1. Breng de celkweekmedia van de 24-putplaat over in een 96-putplaat. Gebruik 200 μL media uit elke put van de 24-well plaat en verdeel dienovereenkomstig in vier putten van de 96-well plaat. Gebruik elk één plaat voor normoxie versus hypoxie versus HR.
2. Bepaal de mate van cellulair letsel, bijvoorbeeld door de absorptie voor LDH te meten met behulp van een cytotoxiciteitstestkit volgens de instructies van de fabrikant. Voer de test uit in een 96-well plaat zoals geïnstrueerd in het assayprotocol.

4. Statistieken

1. Geef de parametrische gegevens weer als gemiddelde/standaarddeviatie en niet-parametrische gegevens als boxplots met mediaan/interkwartielbereik. Er moeten adequate parametrische versus niet-parametrische meervoudige vergelijkingstests met aanvaardbare post-hoctests worden uitgevoerd om de kans op een type-1-fout te verkleinen. Significantie wordt meestal ingesteld op een alfa van 0,05 (tweezijdig).
2. Voor alle experimenten die in de huidige studie zijn uitgevoerd, moet u ten minste drie goed repliceren uitvoeren binnen één experiment. Er waren drie tot zes herhalingen van elk experiment dat werd gebruikt voor statistische analyse.

Representative Results

Alle drie de soorten inserts (A, B, C) die in dit experiment worden gebruikt, hebben dezelfde poriegrootte van 0,4 μm. Het enige verschil tussen hen is de insert-to-base hoogte, waardoor afstanden tussen de twee samengekweekte cellagen respectievelijk 0,5, 1,0 en 2,0 mm kunnen zijn (figuur 3) en dat ze van verschillende leveranciers zijn (zie tabel met materialen voor details).

Om een in vitro co-kweekmodel op te zetten met afzonderlijke lagen van twee cellijnen die HR ondergaan om IR-letsel te simuleren, onderzochten we de celmembraanintegriteit van CM's die met of zonder EC's werden gekweekt. Door gebruik te maken van een aparte insert voor EC's die op verschillende afstanden boven de CM-laag kunnen worden geplaatst, konden we ook de differentiële effecten van cellaagafstand op de ernst van membraanschade in de CM's beoordelen. In een aparte reeks experimenten varieerden we de dichtheid van EC's en dus de verhouding tussen EC's en CM's.
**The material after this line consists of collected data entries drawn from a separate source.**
Lemma rl_laplace_factor (F th T P g : R) :
  0 < F -> 0 < th -> 0 < T -> cos th < 1 -> 4 * (1 - cos th) * P = th ^+ 2 * T ->
  g = 2 * (1 - cos th) / th ^+ 2 ->
  expR (- Num.sqrt T) / Num.sqrt T / F * ((1 - cos th) / (4 * pi ^+ 2 * th ^+ 2))
  = (8 * pi ^+ 2 * F * Num.sqrt 2)^-1 * (expR (- Num.sqrt (2 * P)) / Num.sqrt P)
    * (Num.sqrt g * expR (Num.sqrt T / Num.sqrt g - Num.sqrt T)).
Proof.
(* [pi] is generalized so that [field] does not unfold its definition. *)
move=> F_gt0 th_gt0 T_gt0 cos_lt1 PE gE; have := pi_gt0 R; move: (pi : R) => p p_gt0.
have g_gt0 : 0 < g by rewrite gE divr_gt0 ?exprn_gt0 // mulr_gt0 // subr_gt0.
have {}PE : P = T / (2 * g).
  have four_cos_gt0 : 0 < 4 * (1 - cos th) by rewrite mulr_gt0 // subr_gt0.
  apply: (mulfI (lt0r_neq0 four_cos_gt0)).
  by rewrite mulrA PE gE; field; rewrite !gt_eqF // subr_gt0.
have sqrt2P : Num.sqrt (2 * P) = Num.sqrt T / Num.sqrt g.
  rewrite PE (_ : 2 * _ = T * g^-1); last by field; rewrite gt_eqF.
  by rewrite sqrtrM ?sqrtrV // ltW.
have sqrtP : Num.sqrt P = Num.sqrt T / (Num.sqrt 2 * Num.sqrt g).
  have g2_ge0 : 0 <= 2 * g by rewrite mulr_ge0 // ltW.
  by rewrite PE sqrtrM ?sqrtrV ?sqrtrM // ltW.
have haarE : (1 - cos th) / (4 * p ^+ 2 * th ^+ 2) = g / (8 * p ^+ 2).
  by rewrite gE; field; rewrite !gt_eqF.
have expE : expR (- Num.sqrt T)
    = expR (- (Num.sqrt T / Num.sqrt g)) * expR (Num.sqrt T / Num.sqrt g - Num.sqrt T).
  by rewrite -expRD addKr.
rewrite haarE sqrt2P sqrtP expE -[X in X / (8 * _)](sqr_sqrtr (ltW g_gt0)).
have a_gt0 : 0 < Num.sqrt T by rewrite sqrtr_gt0.
have b_gt0 : 0 < Num.sqrt g by rewrite sqrtr_gt0.
have q_gt0 : 0 < Num.sqrt 2 :> R by rewrite sqrtr_gt0.
by field; rewrite !gt_eqF.
Qed.

Lemma rl_haar_laplace_ratio (F th T P : R) :
  0 < F -> 0 < th < 1 -> 0 < T <= 1 -> 4 * (1 - cos th) * P = th ^+ 2 * T ->
  let c := (8 * pi ^+ 2 * F * Num.sqrt 2)^-1 in
  `| expR (- Num.sqrt T) / Num.sqrt T / F * ((1 - cos th) / (4 * pi ^+ 2 * th ^+ 2))
     - c * (expR (- Num.sqrt (2 * P)) / Num.sqrt P) |
  <= th ^+ 2 * (c * (expR (- Num.sqrt (2 * P)) / Num.sqrt P)).
Proof.
move=> F_gt0 /andP[th_gt0 th_lt1] /andP[T_gt0 T_le1] PE /=.
have /andP[] := one_sub_cos_div_sqr_bounds th_gt0.
move gE : (2 * (1 - cos th) / th ^+ 2) => g g_ge g_le1.
have th2_lt1 : th ^+ 2 < 1 by rewrite expr_lt1 ?ltW.
have cos_lt1 : cos th < 1.
  by move: g_ge; rewrite -gE ler_pdivlMr ?exprn_gt0 //; nra.
have P_gt0 : 0 < P.
  have : 0 < th ^+ 2 * T by rewrite mulr_gt0 ?exprn_gt0.
  by rewrite -PE pmulr_rgt0 // mulr_gt0 // subr_gt0.
rewrite (rl_laplace_factor F_gt0 th_gt0 T_gt0 cos_lt1 PE (esym gE)).
set L := _ * (_ / _); have L_gt0 : 0 < L.
  by rewrite mulr_gt0 ?invr_gt0 ?divr_gt0 ?mulr_gt0 ?expR_gt0 ?exprn_gt0 ?pi_gt0 ?sqrtr_gt0.
rewrite -[X in `|_ - X|]mulr1 -mulrBr normrM gtr0_norm // mulrC ler_pM2r //.
have g_gt0 : 0 < g by lra.
have a_itv : 0 < Num.sqrt T <= 1 by rewrite sqrtr_gt0 T_gt0 -sqrtr1 ler_sqrt.
have b_itv : 0 < Num.sqrt g <= 1 by rewrite sqrtr_gt0 g_gt0 -sqrtr1 ler_sqrt.
by apply: mul_expR_near1; rewrite ?sqr_sqrtr ?sqr_ge0 ?th2_lt1 // ltW.
Qed.

End DensityRatio.

Section Matrix3.
Variable R : comNzRingType.

Definition mx3 (a b c d e f g h i : R) : 'M[R]_3 :=
  \matrix_(p < 3, q < 3) nth 0 (nth [::] [:: [:: a; b; c]; [:: d; e; f]; [:: g; h; i]] p) q.

Lemma mx3E (M : 'M[R]_3) :
  M = mx3 (M 0 0) (M 0 1) (M 0 2%:R) (M 1 0) (M 1 1) (M 1 2%:R)
          (M 2%:R 0) (M 2%:R 1) (M 2%:R 2%:R).
Proof.
apply/matrixP => i j; rewrite mxE.
by case: i => [[|[|[|?]]] ?]; case: j => [[|[|[|?]]] ?] //=; congr (M _ _); apply: val_inj.
Qed.

Lemma adj_mx3 (a b c d e f g h i : R) :
  \adj (mx3 a b c d e f g h i) =
  mx3 (e * i - f * h) (c * h - b * i) (b * f - c * e)
      (f * g - d * i) (a * i - c * g) (c * d - a * f)
      (d * h - e * g) (b * g - a * h) (a * e - b * d).
Proof.
apply/matrixP => p q; rewrite !mxE /cofactor.
case: p => [[|[|[|?]]] ?] //; case: q => [[|[|[|?]]] ?] //=;
by rewrite (expand_det_row _ 0) !big_ord_recr big_ord0 /= /cofactor !det_mx11 !mxE /=;
   ring.
Qed.

(* Cayley-Hamilton in dimension 3, with [det M * M^-1] written as [adj M]. *)
Lemma mx3_sqr_adj (M : 'M[R]_3) :
  M *m M = \tr M *: M - \tr (\adj M) *: 1%:M + \adj M.
Proof.
rewrite [M]mx3E adj_mx3; apply/matrixP => p q.
rewrite /mxtrace !mxE !big_ord_recr !big_ord0 /= !mxE /=.
by case: p => [[|[|[|?]]] ?] //; case: q => [[|[|[|?]]] ?] //=; ring.
Qed.

Definition col3 (a b c : R) : 'cV[R]_3 := \col_(p < 3) [:: a; b; c]`_p.

Lemma col3E (y : 'cV[R]_3) : y = col3 (y 0 0) (y 1 0) (y 2%:R 0).
Proof.
apply/matrixP => i j; rewrite mxE.
by case: i => [[|[|[|?]]] ?]; case: j => [[|?] ?] //=; congr (y _ _); apply: val_inj.
Qed.

Lemma mxtrace3 (N : 'M[R]_3) : \tr N = N 0 0 + N 1 1 + N 2%:R 2%:R.
Proof. by rewrite [N]mx3E /mxtrace !big_ord_recr big_ord0 /= !mxE /= add0r. Qed.

Lemma dotmx3 (y : 'cV[R]_3) :
  (y^T *m y) 0 0 = y 0 0 ^+ 2 + y 1 0 ^+ 2 + y 2%:R 0 ^+ 2.
Proof. by rewrite [y]col3E !mxE !big_ord_recr big_ord0 /= !mxE /= add0r !expr2. Qed.

Lemma qform_diag3 (a b c : R) (y : 'cV[R]_3) :
  (y^T *m diag_mx (\row_i [:: a; b; c]`_i) *m y) 0 0
  = a * y 0 0 ^+ 2 + b * y 1 0 ^+ 2 + c * y 2%:R 0 ^+ 2.
Proof.
rewrite [y]col3E !mxE; do 3 rewrite ?big_ord_recr ?big_ord0 /= ?mxE /=.
by ring.
Qed.

Lemma mxtrace_diag3_mul (a b c : R) (N : 'M[R]_3) :
  \tr (diag_mx (\row_i [:: a; b; c]`_i) *m N) = a * N 0 0 + b * N 1 1 + c * N 2%:R 2%:R.
Proof. by rewrite mxtrace3 mul_diag_mx !mxE. Qed.

End Matrix3.

Section Rotations.
Variable R : realType.
Implicit Types (M V : 'M[R]_3) (p : 'cV[R]_3).

Lemma rot_mulmxT M : is_rot M -> M *m M^T = 1%:M.
Proof. by case=> /mulmx1C. Qed.

Lemma is_rotT M : is_rot M -> is_rot M^T.
Proof. by move=> rotM; split; [rewrite trmxK rot_mulmxT | rewrite det_tr; case: rotM]. Qed.

Lemma is_rotM (M1 M2 : 'M[R]_3) : is_rot M1 -> is_rot M2 -> is_rot (M1 *m M2).
Proof.
move=> [M1TM1 detM1] [M2TM2 detM2]; split; last by rewrite det_mulmx detM1 detM2 mulr1.
by rewrite trmx_mul mulmxA -(mulmxA _ M1^T) M1TM1 mulmx1.
Qed.

Lemma rot_adj M : is_rot M -> \adj M = M^T.
Proof.
move=> [MTM detM].
by rewrite -[\adj M]mul1mx -MTM -mulmxA mul_mx_adj detM mulmx1.
Qed.

Lemma rot_sqr M : is_rot M -> M *m M = \tr M *: (M - 1%:M) + M^T.
Proof. by move=> rotM; rewrite mx3_sqr_adj rot_adj // mxtrace_tr scalerBr. Qed.

Lemma rot_skew_sqr M : is_rot M ->
  (M - M^T) *m (M - M^T) = (\tr M + 1) *: (M + M^T - 2%:M).
Proof.
move=> rotM; have [MTM _] := rotM.
rewrite mulmxBl !mulmxBr -trmx_mul rot_sqr // MTM rot_mulmxT //.
by apply/matrixP => i j; rewrite !mxE [j == i]eq_sym -mulr_natr; ring.
Qed.

Lemma hat_vee_skew M : hat (vee (M - M^T)) = M - M^T.
Proof.
rewrite [M]mx3E; apply/matrixP => i j; rewrite !mxE.
by case: i => [[|[|[|?]]] ?] //; case: j => [[|[|[|?]]] ?] //=; ring.
Qed.

Lemma hat_sqr p : hat p *m hat p = p *m p^T - (p^T *m p) 0 0 *: 1%:M.
Proof.
rewrite [p]col3E; apply/matrixP => i j; rewrite !mxE.
do 3 rewrite ?big_ord_recr ?big_ord0 /= ?mxE /=.
by case: i => [[|[|[|?]]] ?] //; case: j => [[|[|[|?]]] ?] //=; ring.
Qed.

Lemma veeZ (k : R) M : vee (k *: M) = k *: vee M.
Proof. by apply/matrixP => i j; rewrite !mxE; case: i => [[|[|[|?]]] ?]. Qed.

Lemma rot_vee_outer M : is_rot M ->
  (\tr M + 1) *: (M + M^T - 2%:M)
  = vee (M - M^T) *m (vee (M - M^T))^T
    - ((vee (M - M^T))^T *m vee (M - M^T)) 0 0 *: 1%:M.
Proof. by move=> rotM; rewrite -rot_skew_sqr // -hat_sqr hat_vee_skew. Qed.

Section Conjugation.
Variables M V : 'M[R]_3.
Hypotheses (rotM : is_rot M) (orthoV : V^T *m V = 1%:M).
Let N := V^T *m M *m V.
Let y := V^T *m vee (M - M^T).

Lemma conj_rot_vee_outer :
  (\tr M + 1) *: (N + N^T - 2%:M) = y *m y^T - (y^T *m y) 0 0 *: 1%:M.
Proof.
have VVT : V *m V^T = 1%:M by apply: mulmx1C.
have yy : (y^T *m y) 0 0 = ((vee (M - M^T))^T *m vee (M - M^T)) 0 0.
  by rewrite /y trmx_mul trmxK mulmxA -(mulmxA _ V) VVT mulmx1.
set z := vee (M - M^T) in yy *.
rewrite yy.
have -> : N + N^T - 2%:M = V^T *m (M + M^T - 2%:M) *m V.
  rewrite /N !trmx_mul trmxK mulmxBr mulmxBl mulmxDr mulmxDl !mulmxA.
  by rewrite mul_mx_scalar -scalemxAl orthoV scalemx1.
have -> : y *m y^T - (z^T *m z) 0 0 *: 1%:M = V^T *m (z *m z^T - (z^T *m z) 0 0 *: 1%:M) *m V.
  by rewrite mulmxBr mulmxBl /y trmx_mul trmxK !mulmxA -scalemxAr mulmx1 -scalemxAl orthoV.
by rewrite -rot_vee_outer // -scalemxAr scalemxAl.
Qed.

Lemma conj_rot_deficit i :
  2 * (\tr M + 1) * (1 - N i i) = (y^T *m y) 0 0 - y i 0 ^+ 2.
Proof.
have /matrixP/(_ i i) := conj_rot_vee_outer.
move: (N) (y) => N' y'; rewrite !mxE big_ord1 !mxE eqxx mulr1 -expr2.
by rewrite (_ : ord0 = 0) // mulr1n => diagE; rewrite -[RHS]opprB -diagE; ring.
Qed.

Lemma conj_rot_norm : (y^T *m y) 0 0 = (\tr M + 1) * (3 - \tr M).
Proof.
have trN : \tr N = \tr M.
  by rewrite /N mxtrace_mulC mulmxA (mulmx1C orthoV) mul1mx.
have := conj_rot_deficit 0; have := conj_rot_deficit 1; have := conj_rot_deficit 2%:R.
by move: trN; rewrite mxtrace3 dotmx3; nra.
Qed.

End Conjugation.

End Rotations.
Bovendien, om gesimuleerde ischemie te onderscheiden van gesimuleerd IR-letsel, werden experimenten uitgevoerd onder omstandigheden van 1) normoxie, 2) alleen hypoxie en 3) HR. Voor dit model gebruikten we 24 uur hypoxie, gevolgd door 2 uur reoxygeatie.

Variabele afstanden
0,5 mm afstand tussen de cellagen (Insert A)
Wanneer CM's alleen werden gekweekt, leidde hypoxie tot een significant verhoogde LDH-afgifte in vergelijking met normoxie, in overeenstemming met onze eerdere studies (figuur 4A)⁶. De LDH was echter slechts licht verder verhoogd na 2 uur reoxygenatie in vergelijking met de hypoxie-only groep. Wanneer EC's en CM's samen werden gekweekt op een afstand van 0,5 mm, was de toename van de LDH-afgifte door hypoxie alleen niet verzwakt, wat aangeeft dat de EC's geen beschermend effect vertoonden (vergeleken met CMs alleen groep onder de hypoxie-only omstandigheden). EC's oefenden echter een milde maar significante bescherming uit op CM's tijdens HR.

1,0 mm afstand tussen de cellagen (Insert B)
Hetzelfde experiment werd uitgevoerd als hierboven, behalve dat de afstand tussen de twee cellagen werd vergroot tot 1,0 mm (figuur 4B). We ontdekten dat de LDH-afgifte ook significant was verhoogd in CM's - alleen door hypoxie- alleen. In tegenstelling tot in de insert van 0,5 mm, werd de LDH-toename in CMs-only echter versterkt door HR over alleen hypoxie. Bovendien werd deze potentiëring meer geremd en bijna afgeschaft door de aanwezigheid van de EC's tijdens reoxygenatie in vergelijking met de CMs-only groep.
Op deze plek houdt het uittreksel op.